Ох, это было ужасно. Он загрыз таксу и, поверишь ли, ее сожрал. Таксу по кличке Шопен… собаку наших соседей. Просто чтобы остаться с ними в нормальных отношениях, нам пришлось от него избавиться.
Но насколько по-другому могло бы все быть?
Когда ты будешь уезжать, мы дадим в твою честь прощальный обед, сказал Эгон.
На пляже, перед маленькой группкой людей, включавшей в себя фрау Бэр и ее секретаршу Ренату Йонке, стоял на голове Дитрих Мертц.
Хотел бы я, чтобы он сделал это на глубине в полметра, сказал Эгон.
Дитрих начал покачиваться и, теряя равновесие, вскочил на ноги.
Нестройные аплодисменты. Крик Эгона: Encore. Но, завидев, что Дитрих направляется к ним, он удалился.
На материке я столкнулся с одной вашей поклонницей, объявил вместо приветствия Дитрих.
Ульрих продолжал выжидающе на него смотреть.
Она читала все ваши книги.
И хочет со мной встретиться?
Этот вопрос не обсуждался.
Ну да, это слишком красиво, чтобы быть правдой. Я ее знаю?
Преувеличенная сосредоточенность на лице Дитриха. Мне кажется, она могла знать вашу жену.
Так.
Я давным-давно ее не видел. Не помню, как ее зовут. Серьезное лицо. Среднего роста.
Так, подбодрил Ульрих.
Может быть, учительница…
Из Вюртенбурга?
Да, скорее всего из Вюртенбурга. Мне кажется, она училась там в университете.
На юридическом?
Нет.
Случайно, не на философском?
Наверное. На самом деле мне кажется, что она училась у Брумхольда.

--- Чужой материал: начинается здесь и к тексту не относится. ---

Lemma blockwiseP T m n (rl : 'I_m -> T) (cl : 'I_n -> T) (M : 'M[R]_(m, n)) :
  blockwise rl cl M <-> forall k, fibermx rl k *m M = M *m fibermx cl k.
Proof.
rewrite /fibermx; split=> [hM k | hM i j].
  apply/matrixP => i j; rewrite mul_mx_diag mul_diag_mx !mxE mulr_natl mulr_natr.
  by have [->|/hM ->] := eqVneq (M i j) 0; rewrite ?mul0rn.
apply: contraNeq => ne_ij.
move/matrixP/(_ i j): (hM (cl j)); rewrite mul_mx_diag mul_diag_mx !mxE.
by rewrite eqxx (negbTE ne_ij) mul0r mulr1 => <-.
Qed.

Lemma blockwise_mul T m n p (a : 'I_m -> T) (b : 'I_n -> T) (c : 'I_p -> T)
    (M : 'M[R]_(m, n)) (N : 'M[R]_(n, p)) :
  blockwise a b M -> blockwise b c N -> blockwise a c (M *m N).
Proof.
move=> /blockwiseP hM /blockwiseP hN; apply/blockwiseP => k.
by rewrite mulmxA hM -mulmxA hN mulmxA.
Qed.

Lemma blockwise1 T n (lab : 'I_n -> T) : blockwise lab lab (1%:M : 'M[R]_n).
Proof. by move=> i j; rewrite mxE; have [->|] := eqVneq i j; rewrite ?eqxx. Qed.

Lemma blockwise_perm_mx T n (rl cl : 'I_n -> T) (s : 'S_n) :
  (forall i, rl i = cl (s i)) -> blockwise rl cl (perm_mx s : 'M[R]_n).
Proof.
by move=> hs i j; rewrite !mxE hs; have [->|] := eqVneq (s i) j; rewrite ?eqxx.
Qed.

Lemma blockwise_add T m n (rl : 'I_m -> T) (cl : 'I_n -> T) (M N : 'M[R]_(m, n)) :
  blockwise rl cl M -> blockwise rl cl N -> blockwise rl cl (M + N).
Proof.
move=> hM hN i j; rewrite mxE.
by have [->|/hM //] := eqVneq (M i j) 0; rewrite add0r => /hN.
Qed.

Lemma blockwise_opp T m n (rl : 'I_m -> T) (cl : 'I_n -> T) (M : 'M[R]_(m, n)) :
  blockwise rl cl M -> blockwise rl cl (- M).
Proof. by move=> hM i j; rewrite mxE oppr_eq0 => /hM. Qed.

Lemma blockwise_delta_mx T m n (rl : 'I_m -> T) (cl : 'I_n -> T) i0 j0 :
  rl i0 = cl j0 -> blockwise rl cl (delta_mx i0 j0 : 'M[R]_(m, n)).
Proof.
move=> e i j; rewrite mxE.
by have [->|] := eqVneq i i0; have [->|] := eqVneq j j0; rewrite ?eqxx.
Qed.

End Blockwise.

Lemma blockwise_inv (R : comUnitRingType) (T : eqType) n (a b : 'I_n -> T)
    (M : 'M[R]_n) :
  M \in unitmx -> blockwise a b M -> blockwise b a (invmx M).
Proof.
move=> Mu /blockwiseP hM; apply/blockwiseP => k.
by rewrite -[RHS](mulmxK Mu) -(mulmxA (invmx M)) hM mulmxA mulVmx ?mul1mx.
Qed.

Lemma blockwise_fiber_card (R : numDomainType) (T : eqType) n (a b : 'I_n -> T)
    (M : 'M[R]_n) k :
  M \in unitmx -> blockwise a b M ->
  #|[pred i | a i == k]| = #|[pred j | b j == k]|.
Proof.
move=> Mu /blockwiseP /(_ k) hM.
have tr_fibermx (lab : 'I_n -> T) :
    \tr (fibermx lab k : 'M[R]_n) = #|[pred i | lab i == k]|%:R.
  rewrite mxtrace_diag -sum1_card natr_sum [RHS]big_mkcond /=.
  by apply: eq_bigr => i _; rewrite mxE inE; case: (_ == _).
apply/eqP; rewrite -(eqr_nat R) -!tr_fibermx.
by rewrite -[fibermx a k](mulmxK Mu) hM mxtrace_mulC mulmxA mulVmx ?mul1mx.
Qed.

Lemma corank1_colinear (F : fieldType) n (M : 'M[F]_n) (y z : 'cV_n) :
  (n - \rank M)%N = 1%N -> M *m y = 0 -> M *m z = 0 -> y != 0 ->
  exists c, z = c *: y.
Proof.
move=> rkM My Mz y_neq0.
have ker (w : 'cV_n) : M *m w = 0 -> (w^T <= kermx M^T)%MS.
  by move=> Mw; apply/sub_kermxP; rewrite -trmx_mul Mw trmx0.
have ker_y : (kermx M^T <= y^T)%MS.
  have [_ <-] := mxrank_leqif_sup (ker y My).
  by rewrite mxrank_ker mxrank_tr rkM rank_rV trmx_eq0 y_neq0.
have /sub_rVP [c zc] := submx_trans (ker z Mz) ker_y.
by exists c; rewrite -[z]trmxK zc linearZ /= trmxK.
Qed.

Lemma corank1_kernel_label (F : fieldType) (T : eqType) n (lab : 'I_n -> T)
    (M : 'M[F]_n) (y : 'cV_n) a b :
  blockwise lab lab M -> (n - \rank M)%N = 1%N -> M *m y = 0 ->
  y a 0 != 0 -> y b 0 != 0 -> lab a = lab b.
Proof.
move=> /blockwiseP hM rkM My ya yb; apply/eqP; apply: contraTT yb => lab_ab.
have y_neq0 : y != 0 by apply: contraNneq ya => ->; rewrite mxE.
have [c /matrixP Py] : exists c, fibermx lab (lab a) *m y = c *: y.
  by apply: (corank1_colinear rkM My _ y_neq0); rewrite mulmxA -hM -mulmxA My mulmx0.
have := Py a 0; have := Py b 0; rewrite !mul_diag_mx !mxE eqxx mul1r eq_sym.
rewrite (negbTE lab_ab) mul0r => yb0 ya1.
have c1 : c = 1 by apply: (mulIf ya); rewrite -ya1 mul1r.
by rewrite negbK yb0 c1 mul1r.
Qed.

(** * Adjoints and admissible diagonalizers *)

Section Star.
Variable C : numClosedFieldType.
Implicit Types (st : setting) (T : eqType).

Lemma block_diagE n s (M : 'M[C]_n) :
  block_diag s M <-> blockwise (blk_ord s) (blk_ord s) M.
Proof.
split=> hM i j; apply: contraNeq => /hM; first by move=> ->; rewrite eqxx.
by rewrite /blk_ord => ->; rewrite eqxx.
Qed.

Lemma ctrmxM m n p (A : 'M[C]_(m, n)) (B : 'M[C]_(n, p)) :
  ctrmx (A *m B) = ctrmx B *m ctrmx A.
Proof. by rewrite /ctrmx map_mxM trmx_mul. Qed.

Lemma mxstarM st n (A B : 'M[C]_n) :
  mxstar st (A *m B) = mxstar st B *m mxstar st A.
Proof. by case: st => /=; rewrite ?trmx_mul ?ctrmxM. Qed.

Lemma mxstar_perm st n (s : 'S_n) : mxstar st (perm_mx s : 'M[C]_n) = perm_mx s^-1.
Proof. by case: st => /=; rewrite ?tr_perm_mx // /ctrmx map_perm_mx tr_perm_mx. Qed.

Lemma ctrmx_unit n (A : 'M[C]_n) : (ctrmx A \in unitmx) = (A \in unitmx).
Proof. by rewrite /ctrmx unitmx_tr !unitmxE det_map_mx !unitfE conjC_eq0. Qed.

Lemma mxstar_unit st n (A : 'M[C]_n) : (mxstar st A \in unitmx) = (A \in unitmx).
Proof.
by case: st; [exact: unitmx_tr|exact: ctrmx_unit|exact: unitmx_tr|exact: ctrmx_unit].
Qed.

Lemma blockwise_ctrmx T m n (a : 'I_m -> T) (b : 'I_n -> T) (M : 'M[C]_(m, n)) :
  blockwise a b M -> blockwise b a (ctrmx M).
Proof. by move=> hM i j; rewrite !mxE conjC_eq0 => /hM ->. Qed.

Lemma blockwise_mxstar st T n (a b : 'I_n -> T) (M : 'M[C]_n) :
  blockwise a b M -> blockwise b a (mxstar st M).
Proof.
move=> hM; have hMT : blockwise b a M^T by move=> i j; rewrite mxE => /hM ->.
by case: st => //=; apply: blockwise_ctrmx.
Qed.

Lemma W_class_unit st n (W : 'M[C]_n) : W_class st W -> W \in unitmx.
Proof. by case: st => /= [[_ /mulmx1_unit[]] | /mulmx1_unit[] | [] |]. Qed.

Lemma real_mxM m n p (A : 'M[C]_(m, n)) (B : 'M[C]_(n, p)) :
  real_mx A -> real_mx B -> real_mx (A *m B).
Proof. by move=> hA hB i j; rewrite mxE; apply: rpred_sum => k _; apply: rpredM. Qed.

Lemma real_perm_mx n (s : 'S_n) : real_mx (perm_mx s : 'M[C]_n).
Proof. by move=> i j; rewrite !mxE realn. Qed.

Lemma ctrmx_real m n (A : 'M[C]_(m, n)) : real_mx A -> ctrmx A = A^T.
Proof. by move=> hA; apply/matrixP => i j; rewrite !mxE conj_Creal. Qed.

Lemma W_class_perm st n (W : 'M[C]_n) (s : 'S_n) :
  W_class st W -> W_class st (W *m perm_mx s).
Proof.
have star_perm : mxstar st W *m W = 1%:M ->
    mxstar st (W *m perm_mx s) *m (W *m perm_mx s) = 1%:M.
  move=> hW; rewrite mxstarM mxstar_perm -!mulmxA (mulmxA (mxstar st W)) hW mul1mx.
  by rewrite -perm_mxM mulVg perm_mx1.
case: st star_perm => /= star_perm.
- by case=> Wr hW; split; [apply: real_mxM (real_perm_mx s) | apply: star_perm].
- exact: star_perm.
- case=> Wr hW; split; first exact: real_mxM (real_perm_mx s).
  by rewrite unitmx_mul hW unitmx_perm.
- by move=> hW; rewrite unitmx_mul hW unitmx_perm.
Qed.

Lemma real_mxB m n (A B : 'M[C]_(m, n)) : real_mx A -> real_mx B -> real_mx (A - B).
Proof. by move=> hA hB i j; rewrite !mxE rpredB. Qed.

Lemma real_ctrmx m n (A : 'M[C]_(m, n)) : real_mx A -> real_mx (ctrmx A).
Proof. by move=> hA i j; rewrite !mxE conj_Creal. Qed.

Lemma real_col m n (A : 'M[C]_(m, n)) j : real_mx A -> real_mx (col j A).
Proof. by move=> hA a b; rewrite mxE. Qed.

Lemma real_mx1 n : real_mx (1%:M : 'M[C]_n).
Proof. by move=> a b; rewrite mxE realn. Qed.

Lemma cdot_ge0 n (v : 'cV[C]_n) : 0 <= (ctrmx v *m v) 0 0.
Proof. by rewrite mxE; apply: sumr_ge0 => i _; rewrite !mxE mulrC mul_conjC_ge0. Qed.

Да, наверное, приятно встретить кого-то из старых друзей.
Это не совсем так. Я даже не помню ее имени.
Зато всплыло мое.
Я упомянул, что прочел вашу последнюю книгу, и как она мне понравилась… и она согласилась…
Насколько по-другому могло это быть?
После полудня к Эгону и Гизеле в поисках Ульриха зашел Дитрих.
Я вдруг вспомнил ее имя, сказал он, когда к ним присоединился Ульрих.
Чье?
Имя той женщины, которая в восторге от ваших произведений. Ее зовут Дафна.
Дафна? Нет. Мне это ничего не говорит.
Она упомянула, что переехала в Генцлих. Чтобы от всего сбежать.
У нее на это были основания? спросила Гизела.
Не знаю. В Генцлихе приятно жить.
Это точно, сказал Ульрих.
Это ваша подруга, спросила Гизела. Та, к которой вы ездили?
О, нет, я просто с ней столкнулся. В магазине.
В книжном? спросил Эгон.
Нет, в канцелярском. Улыбнувшись Эгону.
И она живет в Генцлихе, спросил Ульрих.
Да…
Красивая деревушка?
Очень…не совсем деревушка… но очень приятная.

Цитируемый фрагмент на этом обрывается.